(EXERCISE)
Among the entries below, find the lines holding "NNPP" and copy them.

--*--

Lemma LU_extensive (M : X -> Prop) x : M x -> Lb r (Ub r M) x.
Proof. intros Mx u Uu. exact (Uu x Mx). Qed.

Variables (b t : X).
Hypothesis hP : is_bposet r b t.

Lemma cut_bot (B : DM r) : proj1_sig B b.
Proof.
  destruct hP as (_ & _ & _ & least & _).
  apply (proj2_sig B). intros u _. apply least.
Qed.

Lemma DM_bot_spec x : proj1_sig (DM_bot r) x <-> x = b.
Proof.
  destruct hP as (_ & anti & _ & least & _). simpl; split.
  - intros Lx. apply anti; [apply Lx; intros ? [] | apply least].
  - intros -> u _. apply least.
Qed.

Lemma cut_top_full (B : DM r) x : proj1_sig B t -> proj1_sig B x.
Proof.
  destruct hP as (_ & _ & trans & _ & greatest). intros Bt.
  apply (proj2_sig B). intros u Uu. apply (trans _ t); [apply greatest | exact (Uu t Bt)].
Qed.

Lemma DM_bposet : is_bposet (DM_le r) (DM_bot r) (DM_top r).
Proof.
  unfold DM_le; repeat split; auto.
  - intros A B AB BA. apply DM_ext. split; auto.
  - intros A x Ax. apply DM_bot_spec in Ax as ->. apply cut_bot.
Qed.

Lemma DM_ne_top (B : DM r) : B <> DM_top r -> ~ proj1_sig B t.
Proof.
  intros neB Bt. apply neB, DM_ext; intro x.
  split; [intros _; exact I | intros _; now apply cut_top_full].
Qed.

Lemma DM_ne_bot (B : DM r) : B <> DM_bot r -> exists x, proj1_sig B x /\ x <> b.
Proof.
  intros neB. apply NNPP; intros noX. apply neB, DM_ext; intro x. rewrite DM_bot_spec.
  split.
  - intros Bx. apply NNPP; intros xb. apply noX. now exists x.
  - intros ->. apply cut_bot.
Qed.

Lemma cut_ub_ne_top (B : DM r) : ~ proj1_sig B t -> exists y, Ub r (proj1_sig B) y /\ y <> t.
Proof.
  destruct hP as (refl & _ & _ & _ & _). intros nBt.
  apply NNPP; intros noY. apply nBt, (proj2_sig B). intros u Uu.
  destruct (classic (u = t)) as [-> | ut]; [apply refl | exfalso; apply noY; eauto].
Qed.

End Cuts.

Arguments DM_ext {X r} A B.
Arguments cut_bot {X r b t} hP B.
Arguments DM_bot_spec {X r b t} hP x.
Arguments cut_top_full {X r b t} hP B x.
Arguments DM_bposet {X r b t} hP.
Arguments DM_ne_top {X r b t} hP B.
Arguments DM_ne_bot {X r b t} hP B.
Arguments cut_ub_ne_top {X r b t} hP B.

Section HorizontalSum.
Variables (Lam : Type) (T : Lam -> Type) (le : forall a, T a -> T a -> Prop)
  (bot top : forall a, T a).

Notation hsum := (hcar Lam T bot top).
Notation hl := (hle Lam T le bot top).

Lemma hle_HIn a x y nb nt nb' nt' : hl (HIn a x nb nt) (HIn a y nb' nt') <-> le a x y.
Proof.
  simpl; split.
  - intros [e xy]. now rewrite (proof_irrelevance _ e eq_refl) in xy.
  - intros xy. now exists eq_refl.
Qed.

Lemma hle_HIn_index a b x y nb nt nb' nt' : hl (HIn a x nb nt) (HIn b y nb' nt') -> a = b.
Proof. intros [e _]. exact e. Qed.

Lemma hsum_bposet : (forall a, is_bposet (le a) (bot a) (top a)) -> is_bposet hl HBot HTop.
Proof.
  intros hP. repeat split.
  - intros [| | a x nb nt]; simpl; auto. exists eq_refl. apply hP.
  - intros [| | a x nb nt] [| | a' y nb' nt']; simpl; try tauto.
    intros [e xy] [e' yx]. destruct e. rewrite (proof_irrelevance _ e' eq_refl) in yx.
    simpl in xy, yx. assert (x = y) as <- by (apply hP; assumption).
    f_equal; apply proof_irrelevance.
  - intros [| | a x nb nt] [| | a' y nb' nt'] [| | a'' z nb'' nt'']; simpl; try tauto.
    intros [e xy] [e' yz]. destruct e, e'. exists eq_refl. simpl in *.
    eapply hP; eassumption.
  - intros [| | a x nb nt]; exact I.
Qed.

Definition lift_set a (B : T a -> Prop) (z : hsum) : Prop :=
  match z with
  | HBot => True
  | HTop => False
  | HIn b y _ _ => exists e : b = a, B (eq_rect b T y a e)
  end.

Definition trace a (C : hsum -> Prop) (x : T a) : Prop :=
  x = bot a \/ exists nb nt, C (HIn a x nb nt).

Lemma lift_set_HIn a (B : T a -> Prop) x nb nt : lift_set a B (HIn a x nb nt) <-> B x.
Proof.
  simpl; split.
  - intros [e Bx]. now rewrite (proof_irrelevance _ e eq_refl) in Bx.
  - intros Bx. now exists eq_refl.
Qed.

Hypothesis hP : forall a, is_bposet (le a) (bot a) (top a).

Let hP_sum : is_bposet hl HBot HTop := hsum_bposet hP.

Notation DMs := (fun a => DM (le a)).
Notation hl' := (hle Lam DMs (fun a => DM_le (le a)) (fun a => DM_bot (le a))
  (fun a => DM_top (le a))).

Lemma DM_interior a (B : DM (le a)) :
  B <> DM_bot (le a) -> B <> DM_top (le a) ->
  exists x (nb : x <> bot a) (nt : x <> top a), proj1_sig B x.
Proof.
  intros neb net. destruct (DM_ne_bot (hP a) B neb) as [x [Bx xb]].
  assert (xt : x <> top a) by (intros ->; exact (DM_ne_top (hP a) B net Bx)).
  now exists x, xb, xt.
Qed.

Lemma lift_cut a (B : DM (le a)) :
  B <> DM_bot (le a) -> B <> DM_top (le a) -> is_cut hl (lift_set a (proj1_sig B)).
Proof.
  destruct (hP a) as (_ & anti & _ & least & greatest). intros neb net.
  destruct (DM_interior a B neb net) as (x & xb & _ & Bx).
  assert (ub_lift : forall v (vt : v <> top a), Ub (le a) (proj1_sig B) v ->
            exists vb, Ub hl (lift_set a (proj1_sig B)) (HIn a v vb vt)).
  { intros v vt Uv.
    assert (vb : v <> bot a) by (intros ->; apply xb, anti; [apply Uv, Bx | apply least]).
    exists vb. intros [| | c w wb wt]; simpl; [tauto | tauto |].
    intros [e Bw]. destruct e. exists eq_refl. exact (Uv w Bw). }
  destruct (cut_ub_ne_top (hP a) B (DM_ne_top (hP a) B net)) as [y [Uy yt]].
  destruct (ub_lift y yt Uy) as [yb Uy'].
  intro z; split; [| apply LU_extensive].
  intros Lz. pose proof (Lz _ Uy') as zy.
  destruct z as [| | c w wb wt]; [exact I | contradiction |].
  pose proof (hle_HIn_index _ _ _ _ _ _ _ _ zy); subst c. apply lift_set_HIn.
  apply (proj2_sig B). intros v Uv.
  destruct (classic (v = top a)) as [-> | vt]; [apply greatest |].
  destruct (ub_lift v vt Uv) as [vb Uv'].
  exact (proj1 (hle_HIn _ _ _ _ _ _ _) (Lz _ Uv')).
Qed.

Definition cut_of_sum (y : hcar Lam DMs (fun a => DM_bot (le a)) (fun a => DM_top (le a)))
  : DM hl :=
  match y with
  | HBot => DM_bot hl
  | HTop => DM_top hl
  | HIn a B nb nt => exist _ (lift_set a (proj1_sig B)) (lift_cut a B nb nt)
  end.

Lemma lift_set_le a (B1 B2 : DM (le a)) :
  B1 <> DM_bot (le a) -> B1 <> DM_top (le a) ->
  DM_le (le a) B1 B2 <->
  (forall z, lift_set a (proj1_sig B1) z -> lift_set a (proj1_sig B2) z).
Proof.
  intros neb net. split.
  - intros B12 [| | c w wb wt]; simpl; try tauto.
    intros [e Bw]. destruct e. exists eq_refl. exact (B12 w Bw).
  - intros L12 w Bw.
    destruct (classic (w = bot a)) as [-> | wb]; [apply (cut_bot (hP a)) |].
    assert (wt : w <> top a) by (intros ->; exact (DM_ne_top (hP a) B1 net Bw)).
    apply (lift_set_HIn a _ w wb wt), L12, lift_set_HIn, Bw.
Qed.

Lemma cut_of_sum_le y1 y2 : hl' y1 y2 <-> DM_le hl (cut_of_sum y1) (cut_of_sum y2).
Proof.
  pose proof (DM_bposet hP_sum) as (_ & _ & _ & DMleast & DMgreatest).
  pose proof (fun z => proj1 (DM_bot_spec hP_sum z)) as in_bot.
  destruct y1 as [| | a B1 nb1 nt1].
  - split; [intros _; apply DMleast | intros _; exact I].
  - destruct y2 as [| | b B2 nb2 nt2].
    + split; [contradiction | intros L; discriminate (in_bot _ (L HTop I))].
    + split; [intros _; apply DMgreatest | intros _; exact I].
    + split; [contradiction | intros L; exact (L HTop I)].
  - destruct (DM_interior a B1 nb1 nt1) as (x & xb & xt & Bx).
    pose proof (proj2 (lift_set_HIn a _ x xb xt) Bx) as Lx.
    destruct y2 as [| | b B2 nb2 nt2].
    + split; [contradiction | intros L; discriminate (in_bot _ (L _ Lx))].
    + split; [intros _; apply DMgreatest | intros _; exact I].
    + split.
      * intros [e B12]. destruct e. exact (proj1 (lift_set_le a B1 B2 nb1 nt1) B12).
      * intros L12. destruct (L12 _ Lx) as [e _]. destruct e.
        exists eq_refl. exact (proj2 (lift_set_le a B1 B2 nb1 nt1) L12).
Qed.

--*--

(WORKED SOLUTION)
  intros neB. apply NNPP; intros noX. apply neB, DM_ext; intro x. rewrite DM_bot_spec.
  - intros Bx. apply NNPP; intros xb. apply noX. now exists x.
  apply NNPP; intros noY. apply nBt, (proj2_sig B). intros u Uu.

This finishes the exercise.